There is another normalization algorithm depicted in exercise 28, but it seems different.
There is the exercise 37 that proposes to avoid completely the normalization and unnormalization steps, when the radix is a power of two (which is our case). I don't know if it is what dennis has tried to do here. It still looks like a normalization step.

I can't debug it for now.

Mmh, at a first glance the quantity q1 seems to me computed the same as qHat in step D3 of the algorithm as stated in TAOCP (vv plays the role of u_j b + u_j+1 and wm1 is v1). Note that in the algorithm it does not use the same partial quotient as in Theorem B. Note also that in TAOCP low indices are used for most significant digits.

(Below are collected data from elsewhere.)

(* |e^(a+ib) - 1|^2 = (1 - e^a)^2 + 2 e^a (1 - cos b), bounded termwise by a^2 and b^2. *)
Lemma Cmod_cexp_sub1_le z : fst z <= 0 -> Cmod (Cminus (cexp z) 1) <= Cmod z.
Proof.
  destruct z as [a b]; cbn [fst]; intros Ha.
  unfold Cmod, cexp, Cminus, Cplus, Copp, RtoC; cbn [fst snd]. apply sqrt_le_1_alt.
  pose proof (sin2_cos2 b) as Hsc. unfold Rsqr in Hsc.
  pose proof (exp_ineq1_le a). pose proof (exp_pos a).
  assert (exp a <= 1) by (rewrite <- exp_0; apply exp_le_exp; lra).
  assert ((1 - exp a) ^ 2 <= a ^ 2) by nra.
  assert (2 * exp a * (1 - cos b) <= b ^ 2).
  { pose proof (one_minus_cos_le b). pose proof (COS_bound b). nra. }
  assert (exp a ^ 2 * (sin b * sin b + cos b * cos b) = exp a ^ 2) by (rewrite Hsc; ring).
  nra.
Qed.

Lemma Cmod_sub_le a b : Cmod (Cminus a b) <= Cmod a + Cmod b.
Proof. unfold Cminus. rewrite <- (Cmod_opp b). apply Cmod_triangle. Qed.

(** * Series and limits at 0 from the right *)

Lemma ex_series_R_le (a b : nat -> R) :
  (forall n, 0 <= a n <= b n) -> ex_series b -> ex_series a.
Proof.
  intros H Eb. apply (@ex_series_le R_AbsRing R_CompleteNormedModule) with b; auto.
  intros n. specialize (H n). change (Rabs (a n) <= b n). rewrite Rabs_pos_eq; lra.
Qed.

Lemma ex_series_R_scal c (a : nat -> R) : ex_series a -> ex_series (fun n => c * a n).
Proof. apply (@ex_series_scal_l R_AbsRing R_NormedModule). Qed.

Lemma ex_series_R_plus (a b : nat -> R) :
  ex_series a -> ex_series b -> ex_series (fun n => a n + b n).
Proof. apply (@ex_series_plus R_AbsRing R_NormedModule). Qed.

Lemma Series_ge0 a : (forall n, 0 <= a n) -> ex_series a -> 0 <= Series a.
Proof.
  intros H Ea. rewrite <- (Rmult_0_l (Series a)), <- Series_scal_l.
  apply Series_le; auto. intros n; specialize (H n); lra.
Qed.

Lemma term_le_Series a N : (forall n, 0 <= a n) -> ex_series a -> a N <= Series a.
Proof.
  intros H Ea. rewrite (Series_incr_n a (S N)) by (auto; lia). simpl pred.
  assert (a N <= sum_f_R0 a N).
  { destruct N; simpl; [lra|]. pose proof (cond_pos_sum a N H). lra. }
  assert (0 <= Series (fun k => a (S N + k)%nat)); [|lra].
  apply Series_ge0; auto. apply (ex_series_incr_n a (S N)); auto.
Qed.

Lemma Series_tail_lt g eps : ex_series g -> 0 < eps ->
  exists N, Series (fun k => g (S N + k)%nat) < eps.
Proof.
  intros Eg He. pose proof (Series_correct g Eg) as Hg.
  destruct (proj1 (filterlim_locally (F := eventually) (sum_n g) (Series g)) Hg
              (mkposreal eps He)) as [N HN].
  exists N. specialize (HN N (le_n _)). change (Rabs (sum_n g N - Series g) < eps) in HN.
  rewrite (Series_incr_n g (S N)) in HN by (auto; lia). simpl pred in HN.
  rewrite sum_n_Reals in HN. apply Rabs_lt_between in HN. lra.
Qed.

Definition vanishes_right (h : R -> R) : Prop :=
  forall eps, 0 < eps -> exists delta, 0 < delta /\
    forall t, 0 < t < delta -> Rabs (h t) < eps.

Lemma vanishes_rightE h : vanishes_right h <-> filterlim h (at_right 0) (locally 0).
Proof.
  split.
  - intros H. apply filterlim_locally. intros eps.
    destruct (H eps (cond_pos eps)) as [d [Hd Hh]]. exists (mkposreal d Hd).
    intros t Ht Ht0. change (Rabs (t - 0) < d) in Ht. change (Rabs (h t - 0) < eps).
    rewrite Rminus_0_r in *. apply Rabs_lt_between in Ht. apply Hh. lra.
  - intros H eps He. destruct (proj1 (filterlim_locally _ _) H (mkposreal eps He)) as [d Hd].
    exists d. split; [apply cond_pos|]. intros t Ht.
    assert (Hh : Rabs (h t - 0) < eps).
    { apply Hd; [|lra]. change (Rabs (t - 0) < d). rewrite Rminus_0_r, Rabs_pos_eq; lra. }
    rewrite Rminus_0_r in Hh. exact Hh.
Qed.
Theorem proposition1 (R : realType) (d1 d2 : measure_display)
  (Yc : measurableType d1) (X : measurableType d2)
  (P : probability (Yc * X)%type R)
  (PX : probability X R)
  (hPX : forall A : set X, measurable A -> PX A = P (snd @^-1` A))
  (ce : (Yc * X -> R) -> X -> R)
  (hce : forall f, sq_integrable P f -> is_cond_exp_X P f (ce f))
  (Theta : Type) (ftheta : Theta -> Yc * X -> R)
  (F : set (Yc * X -> R))
  (hF_L2 : forall f, F f -> sq_integrable P f)
  (hFTheta_sub : F_Theta ftheta F ce `<=` F)
  (hF_lin : is_linear_space F)
  (hFTheta_lin : is_linear_space (F_Theta ftheta F ce)) :
  forall g, F g ->
    msd_set P (F_Theta ftheta F ce) g =
    ereal_inf [set msd PX (ce (ftheta theta)) (ce g) | theta in [set: Theta]].
Proof.
move=> g Fg; apply/eqP; rewrite eq_le; apply/andP; split.
- apply: le_ereal_inf_tmp => _ [th _ <-].
  have [h Fh le_hg] := exists_F_Theta_msd_le hPX hce hF_L2 hFTheta_sub hF_lin th Fg.
  by apply: ge_ereal_inf; exists (msd P h g) => //; exists h.
- apply: le_ereal_inf_tmp => _ [_ [th [f [Ff ->]]] <-].
  apply: ge_ereal_inf; exists (msd PX (ce (ftheta th)) (ce g)); first by exists th.
  exact: (msd_ce_le_F_Theta hPX hce hF_L2 hFTheta_sub hF_lin th Ff Fg).
Qed.
Lemma changes_true_block_str s t : size s = size t ->
  all (fun x => 0 < x) s -> all (fun y => 0 < y) t ->
  changes (true :: block_str s t) = 2 * size s.
Proof.
elim: s t => [|x s IH] [|y t] // /succn_inj size_st /andP [x_gt0 s_gt0] /andP [y_gt0 t_gt0].
rewrite block_str_cons -(prednK x_gt0) -(prednK y_gt0) !changes_cons_nseq IH //=.
by rewrite mulnS.
Qed.

Lemma changes_behead_block_str s t : size s = size t -> 0 < size s ->
  all (fun x => 0 < x) s -> all (fun y => 0 < y) t ->
  changes (behead (block_str s t)) =
    if head 0 s == 1 then 2 * size s - 2 else 2 * size s - 1.
Proof.
case: s t => [|[|[|x]] s] [|[|y] t] // /succn_inj size_st _ /andP [_ s_gt0] /andP [_ t_gt0].
  by rewrite block_str_cons [behead _]/= changes_nseq changes_true_block_str //=; lia.
rewrite block_str_cons [behead _]/= changes_nseq changes_cons_nseq.
by rewrite changes_true_block_str //=; lia.
Qed.

Lemma size_le_sumn s : all (fun x => 0 < x) s -> size s <= sumn s.
Proof. by elim: s => //= x s IH /andP [x_gt0 /IH]; lia. Qed.

Theorem theorem3p1 :
  (* every connected threshold graph on n >= 2 vertices embeds in A_{2n-2} *)
  (forall b : seq bool,
      2 <= size b -> nth false b 0 = false -> last false b = true ->
      induced_sub b (antireg_str (2 * size b - 2)))
  /\
  (* refined version with the block decomposition *)
  (forall s t : seq nat,
      size s = size t -> 0 < size s ->
      all (fun x => 0 < x) s -> all (fun x => 0 < x) t ->
      let b := block_str s t in
      let n := sumn s + sumn t in
      let k := size s in
      let N := if head 0 s == 1 then 2 * (n - k) else 2 * (n - k) - 1 in
      induced_sub b (antireg_str N) /\
      (forall M : nat, induced_sub b (antireg_str M) -> N <= M)).
Proof.
(* The first bit does not affect G(b). *)
split=> [b b_ge2 _ b_last | s t size_st s_nonempty s_pos t_pos b n k N].
  apply: induced_sub_trans (induced_sub_antireg_switches b_ge2 b_last) _.
  by apply: induced_sub_antireg_leq; lia.
have size_b : size b = n := size_block_str size_st.
have le_kn : 2 * k <= n.
  by have := size_le_sumn s_pos; have := size_le_sumn t_pos; rewrite /n /k size_st; lia.
have N_switches : N = (2 * size b).-2 - switches b (size b).-1.
  rewrite switches_changes changes_behead_block_str // size_b /N.
  by case: (head 0 s == 1); lia.
split; first by rewrite N_switches; apply: induced_sub_antireg_switches;
  [lia | exact: last_block_str].
by move=> M /induced_sub_antireg_bound; rewrite N_switches; lia.
Qed.
Lemma nondecreasing_is_cvg_at_left_right g a b s :
  {in `[a, b] &, nondecreasing_fun g} -> a < s -> s < b ->
  cvg (g x @[x --> s^'-]) /\ cvg (g x @[x --> s^'+]).
Proof.
move=> ndg ar rb; split.
  apply: nondecreasing_at_left_is_cvgr.
  - near=> t => x y xrs yrs xy; rewrite ndg//.
    + by apply: subset_itvW xrs; exact/ltW.
    + by apply: subset_itvW yrs; exact/ltW.
  - near=> x; exists (g s) => _ /= [t srx <-]; rewrite ndg//.
    + by apply: subset_itvW srx; exact/ltW.
    + by apply: subset_itv_oo_cc; rewrite in_itv/= ar.
    + by move: srx; rewrite in_itv/= => /andP[_ /ltW].
apply: nondecreasing_at_right_is_cvgr.
- near=> t => x y xrs yrs xy; rewrite ndg//.
  + by apply: subset_itvW xrs; exact/ltW.
  + by apply: subset_itvW yrs; exact/ltW.
- near=> x; exists (g s) => _ /= [t srx <-]; rewrite ndg//.
  + by apply: subset_itv_oo_cc; rewrite in_itv/= ar.
  + by apply: subset_itvW srx; exact/ltW.
  + by move: srx; rewrite in_itv/= => /andP[/ltW].
Unshelve. all: by end_near. Qed.

Lemma bounded_variation_nondecreasing_diff f a b : a <= b ->
  bounded_variation a b f -> exists g h,
  [/\ {in `[a, b] &, nondecreasing_fun g},
      {in `[a, b] &, nondecreasing_fun h} & {in `[a, b], f =1 g \- h}].
Proof.
move=> ab bv; exists (fine \o pos_tv a f), (fine \o neg_tv a f); split.
- by apply: fine_neg_tv_nondecreasing; exact: bounded_variationN.
- exact: fine_neg_tv_nondecreasing.
- exact: bounded_variation_pos_neg_tvE.
Qed.

Lemma total_variation_le_bounded_variation f a b K :
  a <= b -> (total_variation a b f <= K%:E)%E -> bounded_variation a b f.
Proof.
move=> ab tv; apply/bounded_variationP => //.
rewrite ge0_fin_numE; last exact: total_variation_ge0.
exact: le_lt_trans tv (ltry K).
Qed.

(* A jump of [f] at [s] seen through rational points and a rational size: this
   countable description makes the set of jump times measurable. *)
Definition oscillates f s := exists e : rat, (0 : R) < ratr e /\
  forall m : nat, exists q1 q2 : rat,
    [/\ s < ratr q1, ratr q1 < s + m.+1%:R^-1,
        s - m.+1%:R^-1 < ratr q2, ratr q2 < s &
        ratr e <= `|f (ratr q1) - f (ratr q2)| ].

Lemma oscillates_of_jump f s : cvg (f x @[x --> s^'-]) ->
  f x @[x --> s^'+] --> f s -> f s != lim (f x @[x --> s^'-]) ->
  oscillates f s.
Proof.
move=> cl cr ne.
set L := lim (f x @[x --> s^'-]) in ne.
have d0 : 0 < `|f s - L| / 3 by rewrite divr_gt0 // normr_gt0 subr_eq0.
have [e [e0 e1]] := rat_between d0.
exists e; split => // m.
have [d1 d10 h1] := near_at_left_interval ((cvgrPdist_lt _ _).1 cl _ d0).
have [d2 d20 h2] := near_at_right_interval ((cvgrPdist_lt _ _).1 cr _ d0).
have mp : 0 < m.+1%:R^-1 :> R by rewrite invr_gt0 ltr0n.
set mi := m.+1%:R^-1 : R.
set d2' := Num.min d2 mi; set d1' := Num.min d1 mi.
have := lexx d2'; rewrite {2}/d2' le_min => /andP[d2d2 d2mi].
have := lexx d1'; rewrite {2}/d1' le_min => /andP[d1d1 d1mi].
have d2'0 : 0 < d2' by rewrite lt_min d20 mp.
have d1'0 : 0 < d1' by rewrite lt_min d10 mp.
have [q1 [a1 b1]] : exists q : rat, s < ratr q /\ ratr q < s + d2'.
  by apply: rat_between; rewrite ltrDl.
have [q2 [a2 b2]] : exists q : rat, s - d1' < ratr q /\ ratr q < s.
  by apply: rat_between; rewrite gtrDl oppr_lt0.
exists q1, q2; split => //; try lra.
have hq1 := h2 (ratr q1) a1 ltac:(lra).
have hq2 := h1 (ratr q2) ltac:(lra) b2.
rewrite -/L in hq2.
have tri : `|f s - L| <= `|f s - f (ratr q1)| +
    `|f (ratr q1) - f (ratr q2)| + `|L - f (ratr q2)|.
  have -> : f s - L = (f s - f (ratr q1)) + (f (ratr q1) - f (ratr q2))
                      - (L - f (ratr q2)) by lra.
  by apply: (le_trans (ler_normB _ _)); rewrite lerD2r; exact: ler_normD.
set D := `|f s - L| in d0 e1 hq1 hq2 tri *.
set N := `|f (ratr q1) - f (ratr q2)| in tri *.
set A1 := `|f s - f (ratr q1)| in hq1 tri.
set A2 := `|L - f (ratr q2)| in hq2 tri.
lra.
Qed.

End one_sided_limits.

Section nondecreasing_difference.
Context {R : realType} {a b : R} {f g h : R -> R}.
Hypotheses (ndg : {in `[a, b] &, nondecreasing_fun g})
  (ndh : {in `[a, b] &, nondecreasing_fun h}) (fE : {in `[a, b], f =1 g \- h}).

Lemma nondecreasing_diff_cvg_at_left s : a < s -> s < b ->
  f x @[x --> s^'-] --> lim (g x @[x --> s^'-]) - lim (h x @[x --> s^'-]).
Proof.
move=> as_ sb; have [cg _] := nondecreasing_is_cvg_at_left_right ndg as_ sb.
have [ch _] := nondecreasing_is_cvg_at_left_right ndh as_ sb.
apply: cvg_trans; last exact: cvgB cg ch.
apply: near_eq_cvg; near=> y; rewrite fE //= in_itv /=; apply/andP; split.
  by near: y; apply: nbhs_left_ge.
by apply/ltW/(lt_trans _ sb); near: y; apply: nbhs_left_lt.
Unshelve. all: by end_near. Qed.

Lemma nondecreasing_diff_cvg_at_right s : a < s -> s < b ->
  f x @[x --> s^'+] --> lim (g x @[x --> s^'+]) - lim (h x @[x --> s^'+]).
Proof.
move=> as_ sb; have [_ cg] := nondecreasing_is_cvg_at_left_right ndg as_ sb.
have [_ ch] := nondecreasing_is_cvg_at_left_right ndh as_ sb.
apply: cvg_trans; last exact: cvgB cg ch.
apply: near_eq_cvg; near=> y; rewrite fE //= in_itv /=; apply/andP; split.
  by apply/ltW/(lt_trans as_); near: y; apply: nbhs_right_gt.
by apply/ltW; near: y; apply: nbhs_right_lt.
Unshelve. all: by end_near. Qed.

Lemma nondecreasing_diff_oscillates_discontinuity s : a < s -> s < b ->
  oscillates f s -> discontinuity g s \/ discontinuity h s.
Proof.
move=> as_ sb [e [e0 he]]; apply: contrapT => /not_orP[dg dh].
have [cgl cgr] := nondecreasing_is_cvg_at_left_right ndg as_ sb.
have [chl chr] := nondecreasing_is_cvg_at_left_right ndh as_ sb.
have eg : lim (g x @[x --> s^'-]) = lim (g x @[x --> s^'+]).
  by apply: contrapT => ne; apply: dg; split => //; exact/eqP.
have eh : lim (h x @[x --> s^'-]) = lim (h x @[x --> s^'+]).
  by apply: contrapT => ne; apply: dh; split => //; exact/eqP.
set L := lim (g x @[x --> s^'+]) - lim (h x @[x --> s^'+]).
have fl : f x @[x --> s^'-] --> L.
  by rewrite /L -eg -eh; exact: nondecreasing_diff_cvg_at_left.
have fr : f x @[x --> s^'+] --> L by exact: nondecreasing_diff_cvg_at_right.
have e2 : 0 < ratr e / 2 :> R by rewrite divr_gt0.
have [d1 d10 h1] := near_at_left_interval ((cvgrPdist_lt _ _).1 fl _ e2).
have [d2 d20 h2] := near_at_right_interval ((cvgrPdist_lt _ _).1 fr _ e2).
have [m hm] : exists m : nat, m.+1%:R^-1 < Num.min d1 d2.
  exists (Num.truncn (Num.min d1 d2)^-1).
  by rewrite invf_plt ?posrE ?lt_min ?d10 ?d20 // truncnS_gt.
have [q1 [q2 [a1 b1 a2 b2 le12]]] := he m.
move: hm; rewrite lt_min => /andP[m1 m2].
have hq1 : `|L - f (ratr q1)| < ratr e / 2.
  by apply: h2 a1 (lt_trans b1 _); rewrite ltrD2l.
have hq2 : `|L - f (ratr q2)| < ratr e / 2.
  by apply: h1 (le_lt_trans _ a2) b2; rewrite lerD2l lerN2 ltW.
have : `|f (ratr q1) - f (ratr q2)| < ratr e.
  have -> : f (ratr q1) - f (ratr q2) = (L - f (ratr q2)) - (L - f (ratr q1)).
    by lra.
  apply: (le_lt_trans (ler_normB _ _)).
  by rewrite (splitr (ratr e)); apply: ltrD.
by rewrite ltNge le12.
Qed.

For reference here is a folder with relevant pages from (an old edition of) TAOCP : https://drive.google.com/drive/folders/1--9CWffNwg1fmA26RUXfcSkUPzF6gZLE

I would assume the bug happens (occasionally? always?) when we fall in the case where the partial quotient needs to be decreased by 1, which (as per Ex 21 of TAOCP) should happen with probability 3/b where b in our case is 2^32 (less than 1 in a billion chance). the debugging of the example above is consistent with this. Have not had time though to look at this more closely.

Note also that in TAOCP low indices are used for most significant digits.

They inverted that in my revised edition of TAOCP. This is now exactly the inverse. The high indices are used for most significant digits. That's wonderful.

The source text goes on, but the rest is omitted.